To perform a systematic review and meta-analysis to assess FIT accuracy for CRC detection in different clinical settings.
A systematic literature search was performed using MEDLINE and EMBASE databases from inception to May 2018 to conduct a meta-analysis of prospective studies including symptomatic patients that evaluated the diagnostic accuracy of quantitative FIT for CRC detection. Studies were classified on the basis of brand, threshold of faecal haemoglobin concentration for a positive test result, percentage of reported symptoms (solely symptomatic, mixed cohorts) and CRC prevalence (< 2.5%, ≥ 2.5%) to limit heterogeneity and perform subgroup analysis to assess the influence of clinical spectrum on FIT´s accuracy to detect CRC.

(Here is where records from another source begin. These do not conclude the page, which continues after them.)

Lemma gen_pos_exchange (G N : {group gT}) F M r :
    maxdim_family G F -> M \in F -> gen_pos_witness G F M r ->
    N <| G -> maximal N G -> r \notin N ->
  maxdim_family G (gval N |: (F :\ M)) /\ #|gval N |: (F :\ M)| = #|F|.
Proof.
move=> /andP[/forall_inP maxF /gen_posP witF] MF [Gr notMr FMr] nsNG maxN notNr.
have notFMN : gval N \notin F :\ M by apply: contra notNr => /FMr.
split; last by rewrite cardsU1 notFMN (cardsD1 M F) MF.
apply/andP; split.
  by apply/forall_inP => X /setU1P[-> // | /setD1P[_ /maxF]].
have FMgroup Y : Y \in F :\ M -> exists H : {group gT}, Y = H.
  by case/setD1P => _ /maxF/maximal_group.
have FMr_cycle Y : Y \in F :\ M -> <[r]> \subset Y.
  by move=> FMY; have [HY eY] := FMgroup Y FMY; rewrite eY cycle_subG -eY FMr.
apply/gen_posP => X /setU1P[-> | FMX].
  by exists r; split=> // Y /setD1P[neYN /setU1P[eYN | /FMr //]]; rewrite eYN eqxx in neYN.
have [g [Gg notXg FXg]] := witF X (setD1P FMX).2.
(* The <[r]>-component of g lies in every member except M, so may be dropped. *)
have defG : N * <[r]> = G.
  by apply: mulg_normal_maximal; rewrite ?cycle_subG.
have /mulsgP[n c Nn rc defg] : g \in N * <[r]> by rewrite defG.
have [HX eX] := FMgroup X FMX.
have Xc := subsetP (FMr_cycle X FMX) c rc.
exists n; split.
- exact: (subsetP (normal_sub nsNG)).
- by apply: contra notXg => Xn; rewrite defg eX groupM // -eX.
move=> Y /setD1P[neYX /setU1P[-> // | FMY]].
have [HY eY] := FMgroup Y FMY.
have Yg : g \in Y by apply: FXg; rewrite !inE neYX (setD1P FMY).2.
have Yc := subsetP (FMr_cycle Y FMY) c rc.
by move: Yg; rewrite defg eY groupMr // -eY.
Qed.

End GeneralPosition.

Lemma leq_MaxDim_isog gT rT (G : {group gT}) (R : {group rT}) :
  G \isog R -> MaxDim G <= MaxDim R.
Proof.
case/isogP => f injf <-.
have [F /andP[/forall_inP maxF /gen_posP witF] <-] := MaxDim_attained G.
have sFG X : X \in F -> X \subset G by move/maxF/maximal_sub.
have injF : {in F &, injective (fun X => f @* X)}.
  by move=> X Y /sFG sXG /sFG sYG; apply: injm_morphim_inj.
rewrite -(card_in_imset injF); apply: leq_MaxDim; apply/andP; split.
  apply/forall_inP => _ /imsetP[X XF ->].
  by have [H eX] := maximal_group (maxF X XF); rewrite eX injm_maximal // -eX ?maxF ?sFG.
apply/gen_posP => _ /imsetP[X XF ->].
have [g [Gg notXg FXg]] := witF X XF.
exists (f g); split; first exact: mem_morphim.
  by apply: contra notXg => /morphimP[x Gx Xx /(injmP injf) -> //].
move=> Y' /setD1P[neYX /imsetP[Y YF eY]]; rewrite {Y'}eY in neYX *.
apply: mem_morphim; rewrite // FXg // !inE YF andbT.
by apply: contra neYX => /eqP ->.
Qed.

Lemma MaxDim_isog gT rT (G : {group gT}) (R : {group rT}) :
  G \isog R -> MaxDim G = MaxDim R.
Proof.
by move=> isoGR; apply/eqP; rewrite eqn_leq !leq_MaxDim_isog // -isog_sym.
Qed.

Lemma mulg_maximal_normal gT (G M N : {group gT}) :
  maximal M G -> N <| G -> ~~ (N \subset M) -> M * N = G.
Proof.
case/maxgroupP=> /andP[sMG _] maxM /andP[sNG nNG] notNM.
rewrite -norm_joinEl ?(subset_trans sMG) //; apply/eqP.
rewrite eqEproper join_subG sMG sNG /=; apply: contra notNM => ltMNG.
by rewrite -(maxM _ ltMNG (joing_subl M N)) joing_subr.
Qed.

Section DirectProductSubgroups.

Variables (gT : finGroupType) (A B G : {group gT}).
Hypothesis defG : A \x B = G.
Implicit Types (X Y Z : {set gT}) (F : {set {set gT}}).

Lemma dprod_mulgIl (C : {set gT}) : C \subset A -> C * B :&: A = C.
Proof.
by have [_ _ _ tiAB] := dprodP defG; move=> sCA; rewrite -group_modl // setIC tiAB mulg1.
Qed.
Lemma Ck_cst {V : normedModType R} k (c : V) : Ck U k (fun _ => c).
Proof.
elim: k c => [|k IH] c /=; first by move=> u _; exact: cst_continuous.
split=> [u _|v]; first exact: differentiable_cst.
by apply: Ck_eq_on (IH 0) => b _; rewrite derive_cst.
Qed.

Lemma CkD {V : normedModType R} k (f g : E -> V) :
  Ck U k f -> Ck U k g -> Ck U k (f + g).
Proof.
elim: k f g => [|k IH] f g /=.
- by move=> cf cg u uU; exact: continuousD (cf u uU) (cg u uU).
- move=> [df dDf] [dg dDg]; split=> [u Uu|v].
    exact: differentiableD (df u Uu) (dg u Uu).
  apply: Ck_eq_on (IH _ _ (dDf v) (dDg v)) => b Ub.
  by rewrite deriveD //; apply: diff_derivable; [exact: df | exact: dg].
Qed.

Lemma CkN {V : normedModType R} k (f : E -> V) : Ck U k f -> Ck U k (- f).
Proof.
elim: k f => [|k IH] f /=.
- by move=> cf u uU; exact: continuousN (cf u uU).
- move=> [df dDf]; split=> [u Uu|v]; first exact: differentiableN (df u Uu).
  apply: Ck_eq_on (IH _ (dDf v)) => b Ub.
  by rewrite deriveN //; exact/diff_derivable/df.
Qed.
Lemma sum_veto (V : nmodType) (g : 'I_m -> V) sc Y : (0 < sc Y)%N ->
  \sum_Z g Z *+ sc Z = g Y + \sum_Z g Z *+ veto sc Y Z.
Proof.
move=> live; rewrite (bigD1 Y) // [in RHS](bigD1 Y) //= ffunE eqxx addrA.
rewrite -mulrS prednK //; congr (_ + _); apply: eq_bigr => Z /negbTE ZY.
by rewrite ffunE ZY.
Qed.

Lemma sum_veto_nat sc Y : (0 < sc Y)%N -> (\sum_Z sc Z = (\sum_Z veto sc Y Z).+1)%N.
Proof.
move=> live; rewrite (bigD1 Y) // [in RHS](bigD1 Y) //= ffunE eqxx.
rewrite -[in LHS](prednK live) addSn; congr (_ + _).+1.
by apply: eq_bigr => Z /negbTE ZY; rewrite ffunE ZY.
Qed.

Lemma pv_step_veto sc last i : (0 < \sum_Y sc Y)%N ->
  exists Y, [/\ (0 < sc Y)%N,
    forall Z, (0 < sc Z)%N -> (rank sigma i Z <= rank sigma i Y)%N &
    pv_step sigma (sc, last) i = (veto sc Y, if sc Y == 1%N then Some Y else last)].
Proof.
move=> pos; rewrite /pv_step; case: pickP => [Y /andP[live /forallP low]|none].
  by exists Y; split=> // Z; apply/implyP.
exfalso; have [Z0 live0|dead] := pickP (fun Z => 0 < sc Z)%N; last first.
  by move: pos; rewrite big1 // => Z _; apply/eqP; rewrite -leqn0 leqNgt dead.
have [Y liveY lowY] := @arg_maxnP _ Z0 (fun Z => 0 < sc Z)%N (rank sigma i) live0.
by move: (none Y); rewrite liveY /=; move/negP; apply; apply/forallP=> Z; apply/implyP/lowY.
Qed.

Variable R : numDomainType.

(* Charging argument behind Plurality Veto: every agent i vetoes an
   alternative Y_i that she ranks weakly below the final output Xh, and the
   vetoed alternatives exhaust the initial scores.  Hence any charge f with
   f i Z <= g Y whenever i weakly prefers Z to Y satisfies
   sum_i f i Xh <= sum_i g Y_i = sum_Y sc(Y) g(Y). *)
Lemma pv_charging (f : 'I_n -> 'I_m -> R) (g : 'I_m -> R) :
  (forall i Y Z, (rank sigma i Z <= rank sigma i Y)%N -> f i Z <= g Y) ->
  forall (s : seq 'I_n) sc last, (\sum_Y sc Y)%N = size s -> (0 < size s)%N ->
  exists2 Xh, (foldl (pv_step sigma) (sc, last) s).2 = Some Xh &
    (0 < sc Xh)%N /\ \sum_(i <- s) f i Xh <= \sum_Y g Y *+ sc Y.
Proof.
move=> charge; elim=> [//|i s IH] sc last size_sc _.
have -> : foldl (pv_step sigma) (sc, last) (i :: s) =
          foldl (pv_step sigma) (pv_step sigma (sc, last) i) s by [].
have [Y [liveY lowY ->]] := @pv_step_veto sc last i (ltac:(by rewrite size_sc)).
have size_veto : (\sum_Z veto sc Y Z)%N = size s.
  by apply: succn_inj; rewrite -sum_veto_nat.
rewrite (sum_veto g liveY).
case: s IH size_sc size_veto => [|j s] IH size_sc size_veto.
  have dead Z : veto sc Y Z = 0%N.
    by move/eqP: size_veto; rewrite sum_nat_eq0 => /forallP/(_ Z)/eqP.
  have -> : sc Y = 1%N by move: (dead Y); rewrite ffunE eqxx; lia.
  exists Y => //; split=> //.
  rewrite big_cons big_nil big1 ?addr0 => [|Z _]; [exact: charge | by rewrite dead].
have [Xh out [liveXh sumXh]] := IH _ (if sc Y == 1%N then Some Y else last) size_veto isT.
have {}liveXh : (0 < sc Xh)%N by move: liveXh; rewrite ffunE; case: eqP => // ->; lia.
by exists Xh => //; split=> //; rewrite big_cons; apply: lerD => //; apply: charge; apply: lowY.
Qed.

Fifteen cohorts including 13073 patients (CRC prevalence 0.4% to 16.8%) were identified. Pooled estimates of sensitivity for studies using OC-Sensor at 10 µg Hb/g faeces threshold (n = 10400) was 89.6% [95% confidence interval (CI): 82.7% to 94.0%). However, pooled estimates of sensitivity for studies formed solely by symptomatic patients (n = 4035) and mixed cohorts (n = 6365) were 94.1% (95%CI: 90.0% to 96.6%) and 85.5% (95%CI: 76.5% to 91.4%) respectively (P < 0.01), while there were no statistically significant differences between pooled sensitivity of studies with CRC prevalence < 2.5% (84.9%, 95%CI: 73.4% to 92.0%) and ≥ 2.5% (91.7%, 95%CI: 83.3% to 96.1%) (P = 0.25). At the same threshold, OC-Sensor® sensitivity to rule out any significant colonic lesion was 78.6% (95%CI: 75.6% to 81.4%). We found substantial heterogeneity especially when assessing specificity.
The results of this meta-analysis confirm that, regardless of CRC prevalence, quantitative FIT is highly sensitive for CRC detection. However, FIT ability to rule out CRC is higher in studies solely including symptomatic patients.
Core tip: The quantitative faecal immunochemical test for haemoglobin (FIT) has been recommended to guide referral for suspected colorectal cancer (CRC) in people with unexplained symptoms without rectal bleeding. However, the information regarding its accuracy in different settings is scarce. Our meta-analysis reveals that sensitivity for CRC may change across populations with differences in clinical symptoms, irrespective of CRC prevalence. On the other hand, we should not use this to rule out CRC if its prevalence is high. In addition, FIT is not sensitive enough to exclude other significant colonic diseases.
Citation: Pin Vieito N, Zarraquiños S, Cubiella J. High-risk symptoms and quantitative faecal immunochemical test accuracy: Systematic review and meta-analysis. World J Gastroenterol 2019; 25(19): 2383-2401
The quantitative faecal immunochemical test for haemoglobin (hereinafter referred to as ‘FIT’) has been revealed to be highly accurate for colorectal cancer (CRC) detection not only in a screening setting, but also in the assessment of patients presenting lower bowel symptoms[1,2]. Therefore, the National Institute for Health and Care Excellence (NICE) has recently recommended adoption of FIT in primary care to guide referral for suspected CRC in people without rectal bleeding who have unexplained symptoms but do not meet the criteria for a suspected cancer pathway referral. Results should be reported using a threshold of 10 micrograms of haemoglobin per gram of faeces (μg Hb/g faeces)[3,4].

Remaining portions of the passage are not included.